UC Berkeley

Controlling cement shrinkage in a wellbore is important in maintaining its integrity. Although numerous laboratory experiments on the water absorption and shrinkage behaviour of oil well cement have been reported in the past, such behaviour in the wellbore annulus with consideration of pore water migration from the surrounding formation has seldom been examined. In this study, using a cement shrinkage model calibrated against available experimental data, a coupled hydromechanical finite element analysis of a cement-formation model is conducted to simulate the water migration, absorption and shrinkage behaviour of early-age cement placed in the annulus of a wellbore. The objectives of this study are (i) to identify the threshold permeability value of the formation above which there is no longer a bottleneck for pore water to flow into the cement and (ii) to estimate a reasonable range of cement bulk shrinkage volume in wellbore annulus geometry.

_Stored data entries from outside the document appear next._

Lemma admissible_bound_gt1 al U u s : 1 < al -> admissible al U u -> 0 < s <= 1/2 ->
  ER_le (u (-s) 0) ((sub_pow_coef (Rmin al (3/2)) + 256) * (5/4) * s).
Proof.
  intros Hal Hadm Hs.
  set (g := Rmin al (3/2)).
  assert (Hg : 1 < g <= 3/2) by (split; [apply Rmin_glb_lt | apply Rmin_r]; lra).
  assert (HB := sub_pow_coef_pos g Hg).
  destruct (Rle_or_lt s (2/7)).
  - assert (Hle := admissible_le_barrier_on_neg_axis al g _ U u s Hadm ltac:(lra)
      ltac:(lra) (Rmin_l _ _) (barrier_sub_pow g Hg)
      (fun k => harmonic_on_lincomb _ _ _ _ _
                  (harmonic_on_mob_re k) (harmonic_on_re_pow_mob g k))
      (fun k x y D => continuity_2d_pt_plus _ _ x y
         (continuity_2d_pt_mult _ _ x y (continuity_2d_pt_const x y _)
            (proj1 (continuity_2d_pt_mob k x y (proj1 D))))
         (continuity_2d_pt_mult _ _ x y (continuity_2d_pt_const x y _)
            (continuity_2d_pt_re_pow_mob g k x y D)))).
    destruct (neg_axis_mob_bounds s ltac:(lra)).
    cbv beta in Hle; rewrite re_pow_real_axis in Hle by lra.
    pose proof (Rpower_pos (s/4 + 2 * s / (s + 2)) g).
    destruct (u (-s) 0); simpl in *; auto; nra.
  - pose proof (admissible_le_1 al U u s Hadm Hs).
    destruct (u (-s) 0); simpl in *; auto; nra.
Qed.

Theorem lemma2p9 (alpha : R) (halpha : 0 < alpha) :
  exists c : R, 0 < c /\
  forall (U : R -> R -> Prop) (u : R -> R -> ER),
    (forall x y, cdisc (-1) 0 3 x y -> U x y) ->
    qsh_lap_ge_m1 U u ->
    (forall x y, cdisc (-1) 0 3 x y -> ER_le (u x y) 1) ->
    (forall x y, cdisc 1 0 1 x y -> ER_le (u x y) (rpow (modz x y) alpha)) ->
    ER_le (u 0 0) 0 /\
    forall t : R, -1/2 <= t < 0 ->
      (alpha <> 1 -> ER_le (u t 0) (c * Rpower (Rabs t) (Rmin 1 alpha))) /\
      (alpha = 1 -> ER_le (u t 0) (- c * Rabs t * ln (Rabs t))).
Proof.
  enough (Hs : exists c, 0 < c /\ forall U u, admissible alpha U u ->
    forall s, 0 < s <= 1/2 ->
      (alpha <> 1 -> ER_le (u (-s) 0) (c * Rpower s (Rmin 1 alpha))) /\
      (alpha = 1 -> ER_le (u (-s) 0) (- c * s * ln s))).
  { destruct Hs as [c [Hc Hs]]; exists c; split; [exact Hc|].
    intros U u HU Hq Hu1 Hual.
    assert (Hadm : admissible alpha U u) by exact (conj HU (conj Hq (conj Hu1 Hual))).
    split; [exact (admissible_origin _ _ _ Hadm)|].
    intros t Ht; rewrite Rabs_left by lra.
    assert (Hb := Hs U u Hadm (- t) ltac:(lra)); rewrite Ropp_involutive in Hb; exact Hb. }
  destruct (Rlt_le_dec alpha 1) as [Hlt | Hge]; [|destruct (Req_dec alpha 1) as [-> | Hne]].
  - exists (160 / cos (alpha * (PI/2))).
    split; [apply Rdiv_lt_0_compat; [lra | apply cos_pos_frac_half_PI; lra]|].
    intros U u Hadm s Hs; split; [intros _ | intros; lra].
    rewrite Rmin_right by lra; apply (admissible_bound_lt1 alpha U u s); auto.
  - exists 640; split; [lra|].
    intros U u Hadm s Hs; split; [intros; lra | intros _].
    apply (admissible_bound_eq1 U u s); auto.
  - assert (HB := sub_pow_coef_pos (Rmin alpha (3/2))
                    ltac:(split; [apply Rmin_glb_lt | apply Rmin_r]; lra)).
    exists ((sub_pow_coef (Rmin alpha (3/2)) + 256) * (5/4)); split; [lra|].
    intros U u Hadm s Hs; split; [intros _ | intros; lra].
    rewrite (Rmin_left 1 alpha), Rpower_1 by lra.
    apply (admissible_bound_gt1 alpha U u s); auto; lra.
Qed.
(* For every $n\ge 2$ we have $C_n=P_n^2$, where $C_n=\prod_{\sigma\in G_n}(\sigma(\mathrm{EC}_n)-1)$ and $P_n=\prod_{\sigma\in G_{n-1}}\bigl(x_n-\sigma(\mathrm{EC}_{n-1}(x_1,\dots,x_{n-1}))\bigr)$.
   Context: Let $x_1,\dots,x_n$ be algebraically independent indeterminates over $\mathbb{Q}$; in an algebraic closure of $\mathbb{Q}(x_1,\dots,x_n)$ fix $y_1,\dots,y_n$ with $y_i^2=1-x_i^2$. For indices $i_1<\dots<i_m$, $\mathrm{EC}_m(x_{i_1},\dots,x_{i_m})=\sum_{S\subseteq\{i_1,\dots,i_m\},\ |S|\text{ even}}(-1)^{|S|/2}\prod_{j\in S}y_j\prod_{j\notin S}x_j$, and $\mathrm{EC}_n=\mathrm{EC}_n(x_1,\dots,x_n)$. $G_n$ is the Galois group of $\mathbb{Q}(x_1,\dots,x_n,\ y_iy_j:1\le i<j\le n)$ over $\mathbb{Q}(x_1,\dots,x_n)$, and $G_{n-1}$ is the Galois group of $\mathbb{Q}(x_1,\dots,x_n,\ y_iy_j:1\le i<j\le n-1)$ over $\mathbb{Q}(x_1,\dots,x_n)$ (trivial when $n=2$). Note $\mathrm{EC}_m$ involves only even products of the $y_j$, hence lies in these fields. *)

From HB Require Import structures.
From mathcomp Require Import all_boot all_order all_algebra.
Set Implicit Arguments. Unset Strict Implicit. Unset Printing Implicit Defensive.
Import Order.TTheory GRing.Theory Num.Theory.
Local Open Scope ring_scope.

(* Indexing convention: the paper's x_1,...,x_n, y_1,...,y_n are
   represented by x 0, ..., x (n-1) and y 0, ..., y (n-1), with
   x y : nat -> L.  So x_n is x n.-1. *)
Definition sgnb {L : comNzRingType} (b : bool) : L := if b then -1 else 1.

(* The image under the Galois element attached to the sign vector e of
   EC_m(x_1,...,x_m): the automorphism acts by y_j |-> (-1)^(e j) y_j and
   fixes the x_j. *)
Definition ECsig {L : comNzRingType} (m : nat) (x y : nat -> L)
    (e : {ffun 'I_m -> bool}) : L :=
  \sum_(S : {set 'I_m} | ~~ odd #|S|)
     (-1) ^+ (#|S|./2) * \prod_(j in S) (sgnb (e j) * y (val j))
                       * \prod_(j in ~: S) x (val j).

Definition EC {L : comNzRingType} (m : nat) (x y : nat -> L) : L :=
  @ECsig L m x y [ffun _ => false].

(* The Galois group G_m of Q(x, y_i y_j : i<j<=m) over Q(x) (x algebraically
   independent) is {+-1}^m / {+-1}, acting by y_j |-> eps_j y_j (the global
   sign -1 acts trivially on the even products y_i y_j).  Gal m is the set
   of sign vectors with first sign +1, i.e. one representative per element
   of G_m (for m <= 1 it is a single element: the trivial group). *)
Definition Gal (m : nat) : {set {ffun 'I_m -> bool}} :=
  [set e : {ffun 'I_m -> bool} | [forall i : 'I_m, (val i == 0)%N ==> ~~ e i]].

Definition Cn {L : comNzRingType} (n : nat) (x y : nat -> L) : L :=
  \prod_(e in Gal n) (@ECsig L n x y e - 1).

Definition Pn {L : comNzRingType} (n : nat) (x y : nat -> L) : L :=
  \prod_(e in Gal n.-1) (x n.-1 - @ECsig L n.-1 x y e).

(* Write x_j = cos t_j and the (signed) y_j = sin t_j.  Splitting the
   defining sum of EC_m by the parity of |S| gives the pair
   (cos (t_1 + ... + t_m), sin (t_1 + ... + t_m)); formally this pair obeys
   the angle-addition recurrence and has squared norm 1.  The elements of
   G_n come in pairs differing only in the sign of y_n; for such a pair,
   with a, b the cosine and sine of the first n-1 angles,
     (x_n a - y_n b - 1) (x_n a + y_n b - 1) = (x_n - a)^2,
   and a is exactly sigma(EC_{n-1}) for the corresponding sigma in G_{n-1}. *)
From HB Require Import structures.
From mathcomp Require Import all_boot all_order all_algebra.
From mathcomp Require Import ring.

Set Implicit Arguments.
Unset Strict Implicit.
Unset Printing Implicit Defensive.

Import GRing.Theory.
Local Open Scope ring_scope.

Section ExtendOrd.
Variable m : nat.

Lemma val_lift_max (j : 'I_m) : val (lift ord_max j) = val j.
Proof. exact: lift_max. Qed.

Lemma big_ord_recr_in (R : Type) (idx : R) (op : Monoid.com_law idx)
    (A : {pred 'I_m.+1}) (F : 'I_m.+1 -> R) :
  \big[op/idx]_(i in A) F i =
  op (\big[op/idx]_(j < m | lift ord_max j \in A) F (lift ord_max j))
     (if ord_max \in A then F ord_max else idx).
Proof.
rewrite big_mkcond big_ord_recr /= [in RHS]big_mkcond; congr (op _ _).
apply: eq_bigr => j _.
have -> // : widen_ord (leqnSn m) j = lift ord_max j.
by apply: val_inj; rewrite val_lift_max.
Qed.

Definition extend_set (q : {set 'I_m} * bool) : {set 'I_m.+1} :=
  [set i | if unlift ord_max i is Some j then j \in q.1 else q.2].

Definition restrict_set (S : {set 'I_m.+1}) : {set 'I_m} * bool :=
  ([set j | lift ord_max j \in S], ord_max \in S).

Lemma extend_set_bij : bijective extend_set.
Proof.
exists restrict_set => [[S b]|S].
  by congr pair; [apply/setP => j|]; rewrite !inE ?liftK ?unlift_none.
by apply/setP => i; rewrite inE; case: unliftP => [j ->|->]; rewrite ?inE.
Qed.

Lemma lift_max_in_extend_set S b j :
  (lift ord_max j \in extend_set (S, b)) = (j \in S).
Proof. by rewrite inE liftK. Qed.

Lemma max_in_extend_set S b : (ord_max \in extend_set (S, b)) = b.
Proof. by rewrite inE unlift_none. Qed.

Lemma card_extend_set S b : #|extend_set (S, b)| = (#|S| + b)%N.
Proof.
rewrite -!sum1_card (big_ord_recr_in addn) max_in_extend_set.
by congr (_ + _)%N; apply: eq_bigl => j; rewrite lift_max_in_extend_set.
Qed.

Definition extend_ffun (q : {ffun 'I_m -> bool} * bool) : {ffun 'I_m.+1 -> bool} :=
  [ffun i => if unlift ord_max i is Some j then q.1 j else q.2].

Definition restrict_ffun (e : {ffun 'I_m.+1 -> bool}) : {ffun 'I_m -> bool} * bool :=
  ([ffun j => e (lift ord_max j)], e ord_max).

Lemma extend_ffun_bij : bijective extend_ffun.
Proof.
exists restrict_ffun => [[e b]|e].
  by congr pair; [apply/ffunP => j|]; rewrite !ffunE ?liftK ?unlift_none.
by apply/ffunP => i; rewrite !ffunE; case: unliftP => [j ->|->]; rewrite ?ffunE.
Qed.

Lemma extend_ffun_lift q j : extend_ffun q (lift ord_max j) = q.1 j.
Proof. by rewrite ffunE liftK. Qed.

Lemma extend_ffun_max q : extend_ffun q ord_max = q.2.
Proof. by rewrite ffunE unlift_none. Qed.

End ExtendOrd.

Arguments val_lift_max {m}.
Arguments extend_set {m}.
Arguments extend_ffun {m}.

Lemma extend_ffun_Gal m q : (extend_ffun q \in Gal m.+2) = (q.1 \in Gal m.+1).
Proof.
rewrite !inE; apply/forallP/forallP => H i.
  by have := H (lift ord_max i); rewrite extend_ffun_lift val_lift_max.
case: (unliftP ord_max i) => [j ->|->]; last by rewrite extend_ffun_max.
by rewrite extend_ffun_lift val_lift_max; apply: H.
Qed.

Lemma big_Gal_recr (R : Type) (idx : R) (op : Monoid.com_law idx) m
    (F : {ffun 'I_m.+2 -> bool} -> R) :
  \big[op/idx]_(e in Gal m.+2) F e =
  \big[op/idx]_(e in Gal m.+1)
     op (F (extend_ffun (e, false))) (F (extend_ffun (e, true))).
Proof.
rewrite (reindex (@extend_ffun m.+1)); last exact/onW_bij/extend_ffun_bij.
rewrite (eq_bigl (fun q => q.1 \in Gal m.+1)) => [|q]; last by rewrite extend_ffun_Gal.
transitivity (\big[op/idx]_(e in Gal m.+1) \big[op/idx]_(b : bool) F (extend_ffun (e, b))).
  by rewrite pair_big; apply: eq_big => [[e b]|[e b] _]; rewrite ?andbT.
by apply: eq_bigr => e _; rewrite big_bool Monoid.mulmC.
Qed.

Section ParitySum.
Variable L : comNzRingType.

(* ec_parity m x v false and ec_parity m x v true are the cosine and sine of
   the sum of the angles with cosines x j and sines v j, j < m. *)
Definition ec_parity (m : nat) (x v : nat -> L) (p : bool) : L :=
  \sum_(S : {set 'I_m} | odd #|S| == p)
     (-1) ^+ (#|S|./2) * \prod_(j in S) v (val j) * \prod_(j in ~: S) x (val j).

Lemma eq_ec_parity m x v v' p : (forall j : 'I_m, v (val j) = v' (val j)) ->
  ec_parity m x v p = ec_parity m x v' p.
Proof.
by move=> vv'; apply: eq_bigr => S _; congr (_ * _ * _); apply: eq_bigr => j _.
Qed.

Lemma ec_parity0 x v p : ec_parity 0 x v p = (~~ p)%:R.
Proof.
have set_ord0 (S : {set 'I_0}) : S = set0 by apply/setP => -[].
rewrite /ec_parity big_mkcond (big_pred1 set0) => [|S]; last by rewrite /= [S]set_ord0 eqxx.
by rewrite cards0 big_set0 setC0 big_ord0 !mulr1; case: p.
Qed.

Lemma prod_extend_set m (S : {set 'I_m}) b (f : nat -> L) :
  \prod_(i in extend_set (S, b)) f (val i) =
  \prod_(j in S) f (val j) * (if b then f m else 1).
Proof.
rewrite big_ord_recr_in max_in_extend_set; congr (_ * _).
by apply: eq_big => j; rewrite ?lift_max_in_extend_set // val_lift_max.
Qed.

Lemma prod_setC_extend_set m (S : {set 'I_m}) b (f : nat -> L) :
  \prod_(i in ~: extend_set (S, b)) f (val i) =
  \prod_(j in ~: S) f (val j) * (if b then 1 else f m).
Proof.
rewrite big_ord_recr_in in_setC max_in_extend_set; congr (_ * _); last by case: b.
by apply: eq_big => j; rewrite ?in_setC ?lift_max_in_extend_set // val_lift_max.
Qed.

Lemma ec_paritySr m x v p :
  ec_parity m.+1 x v p =
  x m * ec_parity m x v p + (if p then v m else - v m) * ec_parity m x v (~~ p).
Proof.
rewrite /ec_parity (reindex (@extend_set m)); last exact/onW_bij/extend_set_bij.
set T := fun S : {set 'I_m.+1} =>
  (-1) ^+ (#|S|./2) * \prod_(j in S) v (val j) * \prod_(j in ~: S) x (val j).
have -> : \sum_(q | odd #|extend_set q| == p) T (extend_set q) =
    \sum_(S : {set 'I_m}) \sum_(b : bool)
      (if odd #|extend_set (S, b)| == p then T (extend_set (S, b)) else 0).
  by rewrite pair_bigA big_mkcond; apply: eq_bigr => -[S b].
rewrite (big_mkcond (fun S : {set 'I_m} => odd #|S| == p)).
rewrite (big_mkcond (fun S : {set 'I_m} => odd #|S| == ~~ p)).
rewrite !mulr_sumr -big_split; apply: eq_bigr => S _.
rewrite big_bool /T !card_extend_set !prod_extend_set !prod_setC_extend_set.
rewrite addn1 addn0 -uphalfE uphalf_half exprD /=.
by case: (odd #|S|); case: p => /=; ring.
Qed.

Lemma ec_parity_norm m x v : (forall i, (i < m)%N -> x i ^+ 2 + v i ^+ 2 = 1) ->
  ec_parity m x v false ^+ 2 + ec_parity m x v true ^+ 2 = 1.
Proof.
elim: m => [|m IHm] xv1; first by rewrite !ec_parity0 expr0n addr0 expr1n.
rewrite !ec_paritySr /=.
transitivity ((x m ^+ 2 + v m ^+ 2) *
              (ec_parity m x v false ^+ 2 + ec_parity m x v true ^+ 2)); first by ring.
by rewrite xv1 // IHm ?mul1r // => i /ltnW; apply: xv1.
Qed.

Lemma mul_sub1_conj (x y a b : L) :
  y ^+ 2 = 1 - x ^+ 2 -> a ^+ 2 + b ^+ 2 = 1 ->
  (x * a - y * b - 1) * (x * a + y * b - 1) = (x - a) ^+ 2.
Proof.
move=> y2 ab1; have b2 : b ^+ 2 = 1 - a ^+ 2 by rewrite -ab1; ring.
transitivity ((x * a - 1) ^+ 2 - y ^+ 2 * b ^+ 2); first by ring.
by rewrite y2 b2; ring.
Qed.

End ParitySum.

Arguments ec_parity {L}.

Section SignTwist.
Variables (L : comNzRingType) (m : nat) (y : nat -> L).

Definition sign_twist (e : {ffun 'I_m -> bool}) (k : nat) : L :=
  if insub k : option 'I_m is Some j then sgnb (e j) * y k else y k.

Lemma sign_twistE e (j : 'I_m) : sign_twist e (val j) = sgnb (e j) * y (val j).
Proof. by rewrite /sign_twist valK. Qed.

Lemma sign_twist_sqr e k : sign_twist e k ^+ 2 = y k ^+ 2.
Proof.
rewrite /sign_twist; case: insub => // j.
by rewrite exprMn; case: (e j); rewrite ?sqrrN expr1n mul1r.
Qed.

Lemma ECsigE (x : nat -> L) e : ECsig x y e = ec_parity m x (sign_twist e) false.
Proof.
apply: eq_big => [S|S _]; first by rewrite eqbF_neg.
by congr (_ * _ * _); apply: eq_bigr => j _; rewrite sign_twistE.
Qed.

End SignTwist.

Arguments sign_twist {L m}.

Lemma sign_twist_extend (L : comNzRingType) m (y : nat -> L)
    (e : {ffun 'I_m -> bool}) b (j : 'I_m) :
  sign_twist y (extend_ffun (e, b)) (val j) = sign_twist y e (val j).
Proof. by rewrite -{1}(val_lift_max j) !sign_twistE extend_ffun_lift val_lift_max. Qed.

Lemma ec_parity_sign_twist_extend (L : comNzRingType) m (x y : nat -> L)
    (e : {ffun 'I_m -> bool}) b p :
  ec_parity m x (sign_twist y (extend_ffun (e, b))) p = ec_parity m x (sign_twist y e) p.
Proof. exact/eq_ec_parity/sign_twist_extend. Qed.

Lemma sign_twist_extend_max (L : comNzRingType) m (y : nat -> L)
    (e : {ffun 'I_m -> bool}) b :
  sign_twist y (extend_ffun (e, b)) m = sgnb b * y m.
Proof. by rewrite -[m]/(val (@ord_max m)) sign_twistE extend_ffun_max. Qed.

Theorem mainTheorem2 (L : comNzRingType) (n : nat) (x y : nat -> L) :
  (2 <= n)%N ->
  (forall i, (i < n)%N -> y i ^+ 2 = 1 - x i ^+ 2) ->
  Cn n x y = Pn n x y ^+ 2.
Proof.
case: n => [|[|m]] // _ y2.
rewrite /Cn /Pn big_Gal_recr -prodrXl; apply: eq_bigr => e _ /=.
have ab1 := @ec_parity_norm _ m.+1 x (sign_twist y e).
rewrite !ECsigE !(ec_paritySr m.+1) /= -(mul_sub1_conj (y2 m.+1 _) (ab1 _)) //.
- rewrite !ec_parity_sign_twist_extend !sign_twist_extend_max.
  by rewrite mul1r mulN1r opprK mulNr.
- by move=> i lt_im; rewrite sign_twist_sqr y2 ?subrKC // leqW.
Qed.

Results show that the threshold permeability of the formation would be around 0.1 mD for three different types of cement examined in this study: Class G cement, rapid setting (RS) cement and Schlumberger optimized particle size distribution (OPSD) technology cement. The bulk shrinkage volume varies from 0.01% to 2.4% depending on cement type and formation permeability (1 mD to 0.1 μD). The proposed methodology facilitates the simulation of water migration/absorption and shrinkage behaviour of well cement in different formations.